While some were calling Sato's move rash, foolish and irresponsible, Franchitti said he didn't see it that way.

"None of those," he said. "I felt it was a good move. He just got loose. He was relying on the balance of the car as he turns in the corner and the car was obviously too loose.

"It's the last lap of the Indianapolis 500, and I wouldn't expect him to lift at that point. He was sort of getting along side, his rear wheels were along side, so he put me in a position that I had to go wide. The only mistake was when the car got loose. Maybe that's experience or just that the car was bloody loose. That was it."

"The last lap of the race, it is what it is," said Kanaan, who watched Sato's move from behind. "He tried. It could have worked for him. It could have worked for Scott or for myself. It's easy to make a comment now. I would have done it differently. When I saw the move, I thought to myself, 'This doesn't look good,' and then I thought secondly, 'Maybe this is looking really good for me.' "

"It was brave and Dario gave him room, I think," Dixon said. "He was so close to pulling that off. I think if he didn't pinch it as much and maybe moved up on Dario a little bit more, it would have been OK, but Dario did a great job of saving it. I would have waited a little longer."

With all the tributes to Wheldon during the day, it seemed only fitting that Wheldon's three closest friends in racing took the first three positions, each of them hoping to get the faces on the Borg Warner trophy next to Wheldon's.

"What a great way to honor Dan," Kanaan said. "His three best friends in the top three. I don't think it could have been any better. Well, it could have been if I had won. It is what it is, so I'll keep trying."

"This is the marquee event, the big event, and you're going to do anything to get your face on the Borg Warner," Dixon said. "But I think for a lot of us that were close to Dan, you wanted that a little bit more, and I think in your mind you think he'd probably help you out . I think in that situation how it lined up with the top three, with three of Dan's friends, it's a tough one."

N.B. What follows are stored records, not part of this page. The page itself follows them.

(* There exists a family of streaming stochastic multi-armed bandit instances such that for any parameters $T$ and $K$ with $T\geq K$, every single-pass streaming algorithm with a memory of $\frac{K}{20}$ arms suffers total expected regret \[\mathbb{E}[R_T]\geq C\cdot K^{1/3}\cdot T^{2/3}\] for some (absolute) constant $C>0$. Furthermore, the lower bound holds even when the order of arrival of the arms is uniformly at random.
   Context: Single-pass streaming multi-armed bandits: there are $K$ arms, each with an unknown reward distribution (supported on $[0,1]$) with mean $\mu_i$; $\mu^*=\max_i\mu_i$. The arms arrive one by one in a stream (in an adversarially chosen order unless stated otherwise). The algorithm may only pull arms currently stored in its memory (including the arm currently being read); once an arm is not stored or is discarded from memory, it can never be retrieved again. A memory of $m$ arms means at most $m$ arms are stored at any time. The algorithm performs a total of $T$ arm pulls (trials). If $a_1,\dots,a_T$ are the arms pulled, the regret is $R_T=T\mu^*-\sum_{s=1}^T\mu_{a_s}$, and the expected regret is its expectation over the randomness of the rewards, the algorithm, and the instance. *)

From HB Require Import structures.
From mathcomp Require Import all_boot all_order all_algebra all_fingroup.
From mathcomp Require Import reals exp Rstruct.
Set Implicit Arguments. Unset Strict Implicit. Unset Printing Implicit Defensive.
Import Order.TTheory GRing.Theory Num.Theory.
Local Open Scope ring_scope.

Notation R := Rdefinitions.R.

(* Reward distributions: finitely supported laws on [0,1], given as a  *)
(* list of (probability, reward value) pairs.                          *)
Definition rdist := seq (R * R).

Definition is_rdist (d : rdist) : Prop :=
  (forall pv, pv \in d -> 0 <= pv.1 /\ 0 <= pv.2 <= 1) /\
  \sum_(pv <- d) pv.1 = 1.

Definition rmean (d : rdist) : R := \sum_(pv <- d) pv.1 * pv.2.

Definition instance (K : nat) := {ffun 'I_K -> rdist}.

Definition is_instance (K : nat) (nu : instance K) : Prop :=
  forall i, is_rdist (nu i).

(* mu^* = max_i mu_i (means are >= 0, so 0 is a neutral start). *)
Definition best_mean (K : nat) (nu : instance K) : R :=
  \big[Num.max/0]_(i < K) rmean (nu i).

(* A (finitely supported) random instance: list of (weight, instance). *)
Notation instance_dist K := (seq (R * instance K)).

Definition is_instance_dist (K : nat) (D : instance_dist K) : Prop :=
  (forall wn, wn \in D -> 0 <= wn.1 /\ is_instance wn.2) /\
  \sum_(wn <- D) wn.1 = 1.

Wheldon's widow, Susie, rode with Franchitti and his wife, Ashley Judd, during the victory lap.

"She's a stronger person than I am to come here," Franchitti said. "She knows better than anybody how much Dan loved Indy and Indy loved Dan. But to be here and go through all those emotions, so me and Ashley were saying it would be cool for Susie to come."

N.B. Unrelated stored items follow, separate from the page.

(* Fix $\alpha>0$. For each $N\ge 2$, let $T_1,\ldots,T_N$ be drawn independently and uniformly at random (i.e. with replacement) from $\{n\in\mathbb{N}: n\le e^{\alpha N}\}$, and let $\Gamma_{j,k}=\gcd(T_j,T_k)$. Then for every $\eta>0$, \[ \lim_{N\to\infty}\mathbb{P}\Big[N^{2-\eta}<\max_{1\le j<k\le N}\Gamma_{j,k}<N^{2+\eta}\Big]=1 . \] *)

From Stdlib Require Import Reals Lra Lia Arith List.
Open Scope R_scope.

(* M N = floor (exp (alpha * N)) : the sample space for each T_j is
   {n in N : 1 <= n <= exp(alpha N)} = {1, ..., M N}. *)
Definition sampleMax (alpha : R) (N : nat) : nat :=
  Z.to_nat (Int_part (exp (alpha * INR N))).

(* All lists of length N with entries in {1,...,M} (each exactly once):
   the (M^N)-element uniform sample space of ordered N-tuples. *)
Fixpoint tuples (N M : nat) : list (list nat) :=
  match N with
  | O => nil :: nil
  | S k => flat_map (fun x => map (fun t => x :: t) (tuples k M)) (seq 1 M)
  end.

(* max_{1 <= j < k <= N} gcd(T_j, T_k)  (0 for lists with < 2 entries). *)
Fixpoint maxPairGcd (t : list nat) : nat :=
  match t with
  | nil => 0%nat
  | x :: r => Nat.max (fold_right (fun y acc => Nat.max (Nat.gcd x y) acc) 0%nat r)
                      (maxPairGcd r)
  end.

"Last year my favorite memory was Dan was going out on his parade lap, and I had this crazy notion in my head I was going to car-jack him," he said. "I see him coming towards me, and I'm thinking this is going to be good. And I see his face, and he's just sobbing. It meant so much to him. Everything that had happened to him, his mother with Alzheimer's, and I couldn't do it. I just gave him a big hug and told him how proud I was of him. So, it meant a lot that Susie was able to come with us."